Subject: Re: vnode locking in coda_lookup
To: None <tech-kern@netbsd.org>
From: Greg Troxel <gdt@ir.bbn.com>
List: tech-kern
Date: 04/05/2007 13:27:12
  > Thanks - I do follow that we need to have an order to avoid deadlocks,
  > and what our order is.  What's not 100% clear in my head is the exact
  > relationship between the interlock and the vnode lock, which has to be
  > held for each possible operation, and mostly what can happen after vref
  > but without holding the vnode lock.

  Interlock is fine. You don't take other locks while holding the interlock. 
  You at most trade the interlock on a vnode for the lock on said vnode. And 
  the loking code handles this correctly.

So is this right?

  interlock protects
    access to vnode lock
    reference counts

  vnode lock protects
    all other changes to vnode contents

So, when holding vnode locks, one can be assured of no changes, and do
multi-step operations which might temporarily violate invariants.

When holding a reference, one can be sure that the vnode will continue
to exist, but not that it won't be revoked.

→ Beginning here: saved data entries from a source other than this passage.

Lemma apex_in_cones :
  in_cone 0 (- 2^-1, c / (2 * s)) /\ in_cone (-1) (- 2^-1, c / (2 * s)).
Proof.
have apex_w : c / (2 * s) * (s / c) = 2^-1 by field; rewrite !gt_eqF.
have v0 : 0 <= c / (2 * s) by rewrite divr_ge0 ?mulr_ge0 ?ltW.
by split; split; rewrite //= apex_w ler_norml; apply/andP; split; lra.
Qed.

Lemma dist2_apex : dist2 (0, 0) (- 2^-1, c / (2 * s)) = (2 * s)^-1.
Proof.
apply: sqrtr_eq_sqr; first by rewrite invr_ge0 mulr_ge0 ?ltW.
transitivity ((c ^+ 2 + s ^+ 2) / (2 * s) ^+ 2); first by rewrite /=; field; rewrite gt_eqF.
by rewrite unit_sc mul1r exprVn.
Qed.

Lemma edge_foot_in_cones : c <= s ->
  in_cone 0 (- c ^+ 2, s * c) /\ in_cone (-1) (- c ^+ 2, s * c).
Proof.
move=> cs; have foot_w : s * c * (s / c) = s ^+ 2 by field; rewrite gt_eqF.
have v0 : 0 <= s * c by rewrite mulr_ge0 ?ltW.
split; split; rewrite //= foot_w.
  by rewrite subr0 normrN ger0_norm ?sqr_ge0 // ler_sqr ?nnegrE ?(ltW c_gt0) ?(ltW s_gt0).
by rewrite opprK -unit_sc addKr ger0_norm ?sqr_ge0.
Qed.

Lemma dist2_edge_foot : dist2 (0, 0) (- c ^+ 2, s * c) = c.
Proof.
apply: sqrtr_eq_sqr; first exact: ltW.
transitivity (c ^+ 2 * (c ^+ 2 + s ^+ 2)); first by rewrite /=; ring.
by rewrite unit_sc mulr1.
Qed.

End ConePair.

Section Acute.
Variables (R : realType) (a : R).
Hypotheses (a_gt0 : 0 < a) (a_lt_pihalf : a < pi / 2).

Lemma acute_sin_gt0 : 0 < sin a.
Proof. by apply: sin_gt0_pihalf; rewrite a_gt0 a_lt_pihalf. Qed.

Lemma acute_cos_gt0 : 0 < cos a.
Proof.
apply: cos_gt0_pihalf; rewrite a_lt_pihalf andbT (lt_trans _ a_gt0) //.
by rewrite oppr_lt0 divr_gt0 ?pi_gt0.
Qed.

Lemma acute_tan_gt0 : 0 < tan a.
Proof. exact: divr_gt0 acute_sin_gt0 acute_cos_gt0. Qed.

Lemma le_pi4E : (a <= pi / 4) = (sin a <= cos a).
Proof.
(* lra does not use section hypotheses, hence the local copies *)
have pi_gt0 := pi_gt0 R; have a0 := a_gt0; have a1 := a_lt_pihalf.
have s_gt0 := acute_sin_gt0; have c_gt0 := acute_cos_gt0.
have cos2a : cos (a + a) = (cos a - sin a) * (cos a + sin a).
  by rewrite cosD; ring.
have [a_le|a_gt] := leP a (pi / 4).
  have : 0 <= cos (a + a) by apply: cos_ge0_pihalf; apply/andP; split; lra.
  by rewrite cos2a pmulr_lge0 ?addr_gt0 // subr_ge0.
have : cos (a + a) < 0.
  rewrite -(subrK (pi / 2) (a + a)) cosDpihalf oppr_lt0.
  by apply: sin_gt0_pihalf; apply/andP; split; lra.
by rewrite cos2a pmulr_llt0 ?addr_gt0 // subr_lt0 => /lt_geF ->.
Qed.

End Acute.

Definition opt_bound (R : realType) (a : R) : R :=
  if a <= pi / 4 then (2 * sin a)^-1 else cos a.

Definition step_input (R : realType) : nat -> R :=
  fun i => if i == 1%N then -1 else 0.

Section Optimum.
Variables (R : realType) (a : R).
Hypotheses (a_gt0 : 0 < a) (a_lt_pihalf : a < pi / 2).

Let s_gt0 := acute_sin_gt0 a_gt0 a_lt_pihalf.
Let c_gt0 := acute_cos_gt0 a_gt0 a_lt_pihalf.
Let t_gt0 := acute_tan_gt0 a_gt0 a_lt_pihalf.

Lemma cost_ge_opt_bound n x (P : nat -> R * R) k :
  x 0%N = 0 -> (k <= n)%N -> x k = -1 -> is_solution a n x P ->
  opt_bound a <= cost n P.
Proof.
move=> x0 kn xk [P0 PF].
have := PF n (leqnn n) 0%N (leq0n n); have := PF n (leqnn n) k kn.
rewrite x0 xk; case Pn : (P n) => [u v] in_m1 in_0.
have proj e1 e2 : e1 ^+ 2 + e2 ^+ 2 = 1 -> e1 * u + e2 * v <= cost n P.
  by move=> e_unit; have := cost_ge_proj n P e_unit; rewrite P0 Pn /= !mulr0 addr0 subr0.
have unit_sc := cos2Dsin2 a.
rewrite /opt_bound le_pi4E //; case: ifP => [sc | _].
  apply: le_trans (cone_pair_apex_bound s_gt0 c_gt0 unit_sc sc in_0 in_m1) _.
  by apply: proj; rewrite sqrrN addrC.
apply: le_trans (cone_edge_bound c_gt0 in_m1) _.
by apply: proj; rewrite sqrrN.
Qed.

Lemma OPT_le_cost n x (P : nat -> R * R) :
  is_solution a n x P -> OPT a n x <= cost n P.
Proof.
move=> solP; apply: ge_inf; last by exists P.
by exists 0 => _ [Q [_ ->]]; apply: sumr_ge0 => i _; exact: sqrtr_ge0.
Qed.

Lemma opt_bound_le_OPT n x : good_input n x -> opt_bound a <= OPT a n x.
Proof.
move=> good; have [_ [x0 [_ [xmin _]]]] := good.
have [k kn xk] := pmin_attained x n; rewrite xmin in xk.
apply: lb_le_inf; first by exists (cost n (straight_up a x)), (straight_up a x);
  split=> //; exact: straight_up_solution.
by move=> _ [P [solP ->]]; exact: cost_ge_opt_bound x0 kn xk solP.
Qed.

Lemma ALG_SU_good n x : good_input n x -> ALG_SU a n x = (tan a)^-1.
Proof.
move=> good; have [_ [x0 _]] := good.
by rewrite ALG_SU_pmaxabs // pmaxabs_good // x0 normr0 subr0 mul1r.
Qed.

Lemma step_input_good : good_input 1 (step_input R).
Proof.
have x_bounds j : -1 <= step_input R j <= 0.
  by rewrite /step_input; case: ifP => _; rewrite ?lexx ?lerN10.
split=> //; split=> //; split.
  move=> i; rewrite ltnS leqn0 => /eqP -> /andP[+ _]; apply/negP; rewrite -ltNge.
  apply: lt_le_trans (_ : -1 < 0) _; rewrite ?ltrN10 //.
  by apply: pmin_ge => j; rewrite leqn0 => /eqP ->.
split.
  apply: le_anti; apply/andP; split; first exact: (pmin_le _ (leqnn 1)).
  by apply: pmin_ge => j _; case/andP: (x_bounds j).
apply/andP; split; first exact: (le_pmax _ (leq0n 1)).
by apply: pmax_le => j _; case/andP: (x_bounds j) => _ /le_trans ->.
Qed.

Lemma OPT_step_input : OPT a 1 (step_input R) = opt_bound a.
Proof.
apply: le_anti; apply/andP; split; last exact: opt_bound_le_OPT step_input_good.
have unit_sc := cos2Dsin2 a.
have OPT_le q : in_FC1 (tan a) 0 q -> in_FC1 (tan a) (-1) q ->
    OPT a 1 (step_input R) <= dist2 (0, 0) q.
  move=> in_0 in_m1; pose P i := if i == 0%N then (0, 0) else q.
  have -> : dist2 (0, 0) q = cost 1 P by rewrite /cost big_ord1.
  apply: OPT_le_cost; split=> // i; rewrite leq_eqVlt ltnS leqn0.
  case/orP=> /eqP -> j; last by rewrite leqn0 => /eqP ->; split; rewrite //= subrr normr0 mul0r.
  by rewrite /step_input; case: ifP.
rewrite /opt_bound le_pi4E //; case: ifP => [_ | /negbT]; last rewrite -ltNge => cs.
  have [in_0 in_m1] := apex_in_cones s_gt0 c_gt0.
  by rewrite -(dist2_apex s_gt0 unit_sc); apply: OPT_le.
have [in_0 in_m1] := edge_foot_in_cones s_gt0 c_gt0 unit_sc (ltW cs).
by rewrite -(dist2_edge_foot c_gt0 unit_sc); apply: OPT_le.
Qed.

Lemma opt_bound_gt0 : 0 < opt_bound a.
Proof. by rewrite /opt_bound; case: ifP => _ //; rewrite invr_gt0 mulr_gt0. Qed.

Lemma rho_SU_opt_bound : rho_SU a = ((tan a)^-1 / opt_bound a)%:E.
Proof.
apply: le_anti; apply/andP; split.
  apply: ge_ereal_sup => _ [[n x] /= good <-].
  have OPT_gt0 := lt_le_trans opt_bound_gt0 (opt_bound_le_OPT good).
  rewrite lee_fin ALG_SU_good //; apply: ler_wpM2l; first by rewrite invr_ge0 ltW.
  by rewrite lef_pV2 ?posrE ?opt_bound_le_OPT ?opt_bound_gt0.
apply: ereal_sup_ubound; exists (1%N, step_input R); first exact: step_input_good.
by rewrite /= ALG_SU_good ?OPT_step_input //; exact: step_input_good.
Qed.

End Optimum.

Theorem theorem1 (R : realType) (alpha : R) :
  0 < alpha -> alpha < pi / 2 ->
  rho_SU alpha =
    (if alpha <= pi / 4 then 2 * cos alpha else (sin alpha)^-1)%:E.
Proof.
move=> a_gt0 a_lt_pihalf; rewrite rho_SU_opt_bound // /opt_bound /tan.
have := acute_sin_gt0 a_gt0 a_lt_pihalf; have := acute_cos_gt0 a_gt0 a_lt_pihalf.
by case: ifP => _ c_gt0 s_gt0; congr (_%:E); field; rewrite !gt_eqF.
Qed.
(* Let $(\mathfrak{A},\varphi,\tau)$ be a $*$-dynamical system and let $\mathfrak{T}$ be any $\varphi$-total set in $\mathfrak{A}$. Then: (i) If $(\mathfrak{A},\varphi,\tau)$ is ergodic, then $\left\|\frac1n\sum_{k=0}^{n-1}\tau^k(A)-\varphi(A)\right\|_\varphi\to0$ as $n\to\infty$ for every $A\in\mathfrak{A}$. (ii) If $\left\|\frac1n\sum_{k=0}^{n-1}\tau^k(A)-\varphi(A)\right\|_\varphi\to0$ as $n\to\infty$ for every $A\in\mathfrak{T}$, then $(\mathfrak{A},\varphi,\tau)$ is ergodic.
   Context: All algebras are over $\mathbb{C}$. A state on a unital $*$-algebra $\mathfrak{A}$ is a linear functional $\varphi$ with $\varphi(A^*A)\ge0$ for all $A$ and $\varphi(1)=1$. A $*$-dynamical system is a triple $(\mathfrak{A},\varphi,\tau)$ with $\mathfrak{A}$ a unital $*$-algebra, $\varphi$ a state, and $\tau:\mathfrak{A}\to\mathfrak{A}$ linear with $\tau(1)=1$ and $\varphi(\tau(A)^*\tau(A))\le\varphi(A^*A)$ for all $A$. Let $\|A\|_\varphi=\sqrt{\varphi(A^*A)}$ and identify $\alpha\in\mathbb{C}$ with $\alpha1$. The system is ergodic if for every sequence $(A_n)$ with $\|\tau(A_n)-A_n\|_\varphi\to0$ which is Cauchy for $\|\cdot\|_\varphi$ (for every $\varepsilon>0$ there is $N$ with $\|A_m-A_n\|_\varphi\le\varepsilon$ for $m,n>N$), there is $\alpha\in\mathbb{C}$ with $\|A_n-\alpha\|_\varphi\to0$. A subset of $\mathfrak{A}$ is $\varphi$-total if its linear span is dense in the seminormed space $(\mathfrak{A},\|\cdot\|_\varphi)$. *)

From HB Require Import structures.
From mathcomp Require Import all_boot all_order all_algebra.
From mathcomp Require Import all_classical all_reals all_analysis.
From mathcomp Require Import complex.
Set Implicit Arguments. Unset Strict Implicit. Unset Printing Implicit Defensive.
Import Order.TTheory GRing.Theory Num.Theory numFieldNormedType.Exports.
Local Open Scope classical_set_scope.
Local Open Scope ring_scope.

Definition is_star_involution (R : realType) (A : algType R[i]) (star : A -> A)
  : Prop :=
  (forall x, star (star x) = x) /\
  (forall (a : R[i]) (x y : A), star (a *: x + y) = (Num.conj a) *: star x + star y) /\
  (forall x y : A, star (x * y) = star y * star x).

Definition is_linear_functional (R : realType) (A : algType R[i]) (phi : A -> R[i])
  : Prop :=
  forall (a : R[i]) (x y : A), phi (a *: x + y) = a * phi x + phi y.

Definition is_state (R : realType) (A : algType R[i]) (star : A -> A)
  (phi : A -> R[i]) : Prop :=
  is_linear_functional phi /\ (forall x, 0 <= phi (star x * x)) /\ phi 1 = 1.

(* The seminorm ||x||_phi = sqrt (phi (x^* x)); phi(x^* x) is real >= 0. *)
Definition phinorm (R : realType) (A : algType R[i]) (star : A -> A)
  (phi : A -> R[i]) (x : A) : R :=
  Num.sqrt (complex.Re (phi (star x * x))).

Definition is_star_dyn_system (R : realType) (A : algType R[i]) (star : A -> A)
  (phi : A -> R[i]) (tau : A -> A) : Prop :=
  is_star_involution star /\ is_state star phi /\
  (forall (a : R[i]) (x y : A), tau (a *: x + y) = a *: tau x + tau y) /\
  tau 1 = 1 /\
  (forall x, phi (star (tau x) * tau x) <= phi (star x * x)).

Definition phi_cauchy (R : realType) (A : algType R[i]) (star : A -> A)
  (phi : A -> R[i]) (u : nat -> A) : Prop :=
  forall eps : R, 0 < eps -> exists N : nat, forall m n : nat,
    (N < m)%N -> (N < n)%N -> phinorm star phi (u m - u n) <= eps.

Definition ergodic (R : realType) (A : algType R[i]) (star : A -> A)
  (phi : A -> R[i]) (tau : A -> A) : Prop :=
  forall u : nat -> A,
    (fun n => phinorm star phi (tau (u n) - u n)) @ \oo --> (0 : R) ->
    phi_cauchy star phi u ->
    exists alpha : R[i], (fun n => phinorm star phi (u n - alpha%:A)) @ \oo --> (0 : R).

Definition phi_total (R : realType) (A : algType R[i]) (star : A -> A)
  (phi : A -> R[i]) (T : A -> Prop) : Prop :=
  forall (x : A) (eps : R), 0 < eps ->
    exists (n : nat) (c : 'I_n -> R[i]) (t : 'I_n -> A),
      (forall i, T (t i)) /\
      phinorm star phi (x - \sum_(i < n) c i *: t i) < eps.

Definition erg_avg_dev (R : realType) (A : algType R[i]) (phi : A -> R[i])
  (tau : A -> A) (x : A) (n : nat) : A :=
  (n%:R)^-1 *: (\sum_(k < n) iter k tau x) - (phi x)%:A.

(* [phi] is [tau]-invariant and [||.||_phi] satisfies the parallelogram law.
   (i) For the Birkhoff means [M_k x], [M_k x - x] is a coboundary [z - tau z],
   and Birkhoff means of coboundaries telescope to 0.  So [||M_k x||]
   eventually approaches the distance [d] from [x] to the coboundaries, while
   half the sum of two means stays at distance [>= d]; by the parallelogram law
   [(M_k x)] is Cauchy.  Its defect [tau (M_k x) - M_k x] is [O(1/k)], so
   ergodicity yields a scalar limit, which must be [phi x] since
   [phi (M_k x) = phi x].
   (ii) The maps [x |-> M_k x - phi x] are linear and uniformly bounded, so mean
   ergodicity spreads from the span of the total set to all of [A].  For a
   Cauchy sequence [u] of almost invariant vectors, [u_m - phi (u_m)] is small:
   [M_k u_m] is close to [phi (u_m)] for large [k], and to [u_m], as comparing
   with [M_k u_n] for a much later [n] shows.  Then [phi (u_m)] converges, and
   its limit is the scalar limit of [u]. *)

From HB Require Import structures.
From mathcomp Require Import all_boot all_order all_algebra.
From mathcomp Require Import all_classical all_reals all_analysis.
From mathcomp Require Import complex.
From mathcomp Require Import ring lra.
Import Order.TTheory GRing.Theory Num.Theory numFieldNormedType.Exports.
Local Open Scope classical_set_scope.
Local Open Scope complex_scope.
Local Open Scope ring_scope.

Local Notation Re := complex.Re.
Local Notation Im := complex.Im.

Section ComplexParts.
Context {R : realType}.
Implicit Types (t : R) (z w : R[i]).

Lemma Re_realM t z : Re (t%:C * z) = t * Re z.
Proof. by case: z => a b /=; rewrite mul0r subr0. Qed.

Lemma Re_iM z : Re ('i * z) = - Im z.
Proof. by rewrite mulrC ReiNIm. Qed.

Lemma Im_iM z : Im ('i * z) = Re z.
Proof. by rewrite mulrC ImiRe. Qed.
(* Let $n\ge 1$, $N=2n+1$, and let $H_N$ be the simply connected $(2n+1)$-dimensional Heisenberg group, whose Lie algebra $\mathfrak{n}$ has a basis $F_1,\dots,F_{2n},F_N$ with the only nonzero brackets $[F_i,F_{j+n}]=\delta_{ij}F_N$ for $1\le i,j\le n$ (so $[F_i,F_j]=[F_i,F_N]=[F_{i+n},F_{j+n}]=[F_{i+n},F_N]=0$). Let $g_2$ be the left-invariant Lorentzian metric with $g_2(F_1,F_1)=\cdots=g_2(F_{2n},F_{2n})=-g_2(F_N,F_N)=1$ and all other pairings of basis vectors equal to $0$. Then $g_2$ is a nilsoliton, and $(\mathfrak{n},g_2)$ admits a metric solvable extension which is an Einstein metric.
   Context: For a simply connected Lie group $G$ with Lie algebra $\mathfrak{g}$ and left-invariant pseudo-Riemannian metric $g$, $g$ is an algebraic Ricci soliton if $\mathrm{ric}=c\,\mathrm{Id}+D$ for some $c\in\mathbb{R}$ and some derivation $D$ of $\mathfrak{g}$, where $\mathrm{ric}$ is the Ricci operator ($g(\mathrm{ric}X,Y)=\mathrm{Ric}(X,Y)$); it is called a nilsoliton if $G$ is nilpotent and a solvsoliton if $G$ is solvable. A metric solvable extension of $(\mathfrak{n},g)$ is a solvable Lie algebra $\mathfrak{s}=\mathfrak{a}\oplus\mathfrak{n}$ (as vector spaces) with Lie bracket $[\cdot,\cdot]'$ and a pseudo-Riemannian inner product $\tilde g$ on $\mathfrak{s}$ such that $[\mathfrak{s},\mathfrak{s}]'=\mathfrak{n}=\mathfrak{a}^{\perp}$ (orthogonal complement w.r.t. $\tilde g$), $[X,Y]'=[X,Y]$ and $\tilde g(X,Y)=g(X,Y)$ for all $X,Y\in\mathfrak{n}$. Such an extension is Einstein if the corresponding left-invariant metric satisfies $\mathrm{Ric}(\tilde g)=\kappa\tilde g$ for a constant $\kappa$. *)

From HB Require Import structures.
From mathcomp Require Import all_boot all_order all_algebra.
From mathcomp Require Import reals.
Set Implicit Arguments. Unset Strict Implicit. Unset Printing Implicit Defensive.
Import Order.TTheory GRing.Theory Num.Theory.
Local Open Scope ring_scope.

(* A real Lie algebra of dimension m is modelled on row vectors 'rV[R]_m,
   with standard basis evec i, and bracket given by structure constants
   sc i j = [e_i, e_j] (so the bracket is automatically bilinear). *)
Definition evec (R : realType) (m : nat) (i : 'I_m) : 'rV[R]_m := delta_mx 0 i.

Definition lbr (R : realType) (m : nat) (sc : 'I_m -> 'I_m -> 'rV[R]_m)
  (X Y : 'rV[R]_m) : 'rV[R]_m :=
  \sum_(i < m) \sum_(j < m) (X 0 i * Y 0 j) *: sc i j.

Definition is_lie (R : realType) (m : nat) (sc : 'I_m -> 'I_m -> 'rV[R]_m) : Prop :=
  (forall X, lbr sc X X = 0) /\
  (forall X Y Z, lbr sc X (lbr sc Y Z) + lbr sc Y (lbr sc Z X)
                 + lbr sc Z (lbr sc X Y) = 0).

(* Subspaces are represented by row spaces of matrices (mxalgebra). *)
Definition brspace (R : realType) (m : nat) (sc : 'I_m -> 'I_m -> 'rV[R]_m)
  (U W : 'M[R]_m) : 'M[R]_m :=
  (\sum_(i < m) \sum_(j < m) <<lbr sc (row i U) (row j W)>>)%MS.

Definition lcs (R : realType) (m : nat) (sc : 'I_m -> 'I_m -> 'rV[R]_m) (k : nat)
  : 'M[R]_m := iter k (brspace sc 1%:M) 1%:M.
Definition derived (R : realType) (m : nat) (sc : 'I_m -> 'I_m -> 'rV[R]_m) (k : nat)
  : 'M[R]_m := iter k (fun U => brspace sc U U) 1%:M.

Definition nilpotent_lie (R : realType) (m : nat) (sc : 'I_m -> 'I_m -> 'rV[R]_m) : Prop :=
  exists k, (lcs sc k == (0 : 'M[R]_m))%MS.
Definition solvable_lie (R : realType) (m : nat) (sc : 'I_m -> 'I_m -> 'rV[R]_m) : Prop :=
  exists k, (derived sc k == (0 : 'M[R]_m))%MS.

Definition ip (R : realType) (m : nat) (G : 'M[R]_m) (X Y : 'rV[R]_m) : R :=
  (X *m G *m Y^T) 0 0.

Definition pseudo_riem (R : realType) (m : nat) (G : 'M[R]_m) : Prop :=
  G^T = G /\ G \in unitmx.

(* Levi-Civita connection of the left-invariant metric (Koszul formula):
   2 g(nabla_X Y, Z) = g([X,Y],Z) - g([Y,Z],X) + g([Z,X],Y). *)
Definition nabla (R : realType) (m : nat) (sc : 'I_m -> 'I_m -> 'rV[R]_m)
  (G : 'M[R]_m) (X Y : 'rV[R]_m) : 'rV[R]_m :=
  (2^-1 *: \row_k (ip G (lbr sc X Y) (evec R k) - ip G (lbr sc Y (evec R k)) X
                   + ip G (lbr sc (evec R k) X) Y)) *m invmx G.

Definition curv (R : realType) (m : nat) (sc : 'I_m -> 'I_m -> 'rV[R]_m)
  (G : 'M[R]_m) (X Y Z : 'rV[R]_m) : 'rV[R]_m :=
  nabla sc G X (nabla sc G Y Z) - nabla sc G Y (nabla sc G X Z)
  - nabla sc G (lbr sc X Y) Z.

Definition ricci_form (R : realType) (m : nat) (sc : 'I_m -> 'I_m -> 'rV[R]_m)
  (G : 'M[R]_m) : 'M[R]_m :=
  \matrix_(a < m, b < m) \sum_(i < m) (curv sc G (evec R i) (evec R a) (evec R b)) 0 i.

(* Ricci operator ric, g(ric X, Y) = Ric(X,Y); acting on rows: X |-> X *m ric_op *)
Definition ric_op (R : realType) (m : nat) (sc : 'I_m -> 'I_m -> 'rV[R]_m)
  (G : 'M[R]_m) : 'M[R]_m := ricci_form sc G *m invmx G.

Definition derivation (R : realType) (m : nat) (sc : 'I_m -> 'I_m -> 'rV[R]_m)
  (D : 'M[R]_m) : Prop :=
  forall X Y, lbr sc X Y *m D = lbr sc (X *m D) Y + lbr sc X (Y *m D).

Definition alg_ricci_soliton (R : realType) (m : nat) (sc : 'I_m -> 'I_m -> 'rV[R]_m)
  (G : 'M[R]_m) : Prop :=
  exists (c : R) (D : 'M[R]_m), derivation sc D /\ ric_op sc G = c%:M + D.

Definition nilsoliton (R : realType) (m : nat) (sc : 'I_m -> 'I_m -> 'rV[R]_m)
  (G : 'M[R]_m) : Prop :=
  nilpotent_lie sc /\ alg_ricci_soliton sc G.

Definition einstein (R : realType) (m : nat) (sc : 'I_m -> 'I_m -> 'rV[R]_m)
  (G : 'M[R]_m) : Prop :=
  exists kappa : R, ricci_form sc G = kappa *: G.

(* s = a (+) n modelled on 'rV_(k + N): first k coordinates span a,
   last N coordinates are n (with its given basis). *)
Definition incl_n (R : realType) (k N : nat) (X : 'rV[R]_N) : 'rV[R]_(k + N) :=
  row_mx 0 X.
Definition a_sp (R : realType) (k N : nat) : 'M[R]_(k, k + N) := row_mx 1%:M 0.
Definition n_sp (R : realType) (k N : nat) : 'M[R]_(N, k + N) := row_mx 0 1%:M.

Definition metric_solvable_ext (R : realType) (N : nat)
  (sc : 'I_N -> 'I_N -> 'rV[R]_N) (G : 'M[R]_N) (k : nat)
  (sc' : 'I_(k + N) -> 'I_(k + N) -> 'rV[R]_(k + N)) (G' : 'M[R]_(k + N)) : Prop :=
  is_lie sc' /\ solvable_lie sc' /\ pseudo_riem G' /\
      (brspace sc' 1%:M 1%:M == n_sp R k N)%MS /\
      (forall X : 'rV[R]_(k + N), (X <= n_sp R k N)%MS <->
         (forall Y : 'rV[R]_(k + N), (Y <= a_sp R k N)%MS -> ip G' X Y = 0)) /\
      (forall X Y : 'rV[R]_N, lbr sc' (incl_n k X) (incl_n k Y) = incl_n k (lbr sc X Y)) /\
      (forall X Y : 'rV[R]_N, ip G' (incl_n k X) (incl_n k Y) = ip G X Y).

(* Heisenberg algebra of dimension 2n+1: index i (0-based) is F_(i+1),
   index 2n (= ord_max) is F_N.  [F_i, F_(i+n)] = F_N = -[F_(i+n), F_i]. *)
Definition heis_sc (R : realType) (n : nat) (i j : 'I_(n.*2.+1)) : 'rV[R]_(n.*2.+1) :=
  if ((i < n)%N && (nat_of_ord j == (nat_of_ord i + n)%N)) then evec R ord_max
  else if ((j < n)%N && (nat_of_ord i == (nat_of_ord j + n)%N)) then - evec R ord_max
  else 0.

Definition heis_g2 (R : realType) (n : nat) : 'M[R]_(n.*2.+1) :=
  \matrix_(i, j) (if i == j then (if i == ord_max then -1 else 1) else 0).

From HB Require Import structures.
From mathcomp Require Import all_boot all_order all_algebra.
From mathcomp Require Import reals.
From mathcomp Require Import ring lra zify.
Set Implicit Arguments. Unset Strict Implicit. Unset Printing Implicit Defensive.
Import GRing.Theory Num.Theory.
Local Open Scope ring_scope.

  > Without LK_RETRY, and maybe even with, the caller has to check the
  > vn_lock return value and do something.  In vfs_lookup, if we fail to
  > lock the child, we can return an error.  But, since we have a vref at
  > this point, it seems this should never happen, so maybe it should be a
  > panic.

  It's unlikely at the moment. If you have a ref, the one thing that could 
  happen is a VOP_REVOKE(), but I don't think you can do that on a 
  directory.

  Oh, the one other thing that might happen some day is that we add code to 
  handle forcible file system unmount. In such a case, we would probably 
  want to revoke all the vnodes. So you could have a reference on something 
  then have it die on you.

OK, I will try printf of case (since odd enough to be interesting) and
error return and see if it happens.

Reading vfs_lookup, I see LK_RETRY all over the place, along with
failure to check vn_lock return values.  Not saying that argues for it
being correct in coda_lookup, but it seems there's a lot of LK_RETRY
trouble about.

  > In the case of relocking the parent, we also have a vref (or rather our
  > caller must), so can that ever reasonably fail?  Should I panic if
  > vn_lock (w/o LK_RETRY) fails?

  Don't panic. Return an error. This case (".." lookup) is why I added 
  PDIRUNLOCK. I am not sure if chuq removed it.

PDIRUNLOCK appears to have been removed in a commit
kere/vfs_lookup.c:1.73 by chs on 2006/12/09.

I don't understand how coda_lookup can handle not being able to relock
the parent (without panicing, which I realize isn't exactly "handle").

-- 
    Greg Troxel <gdt@ir.bbn.com>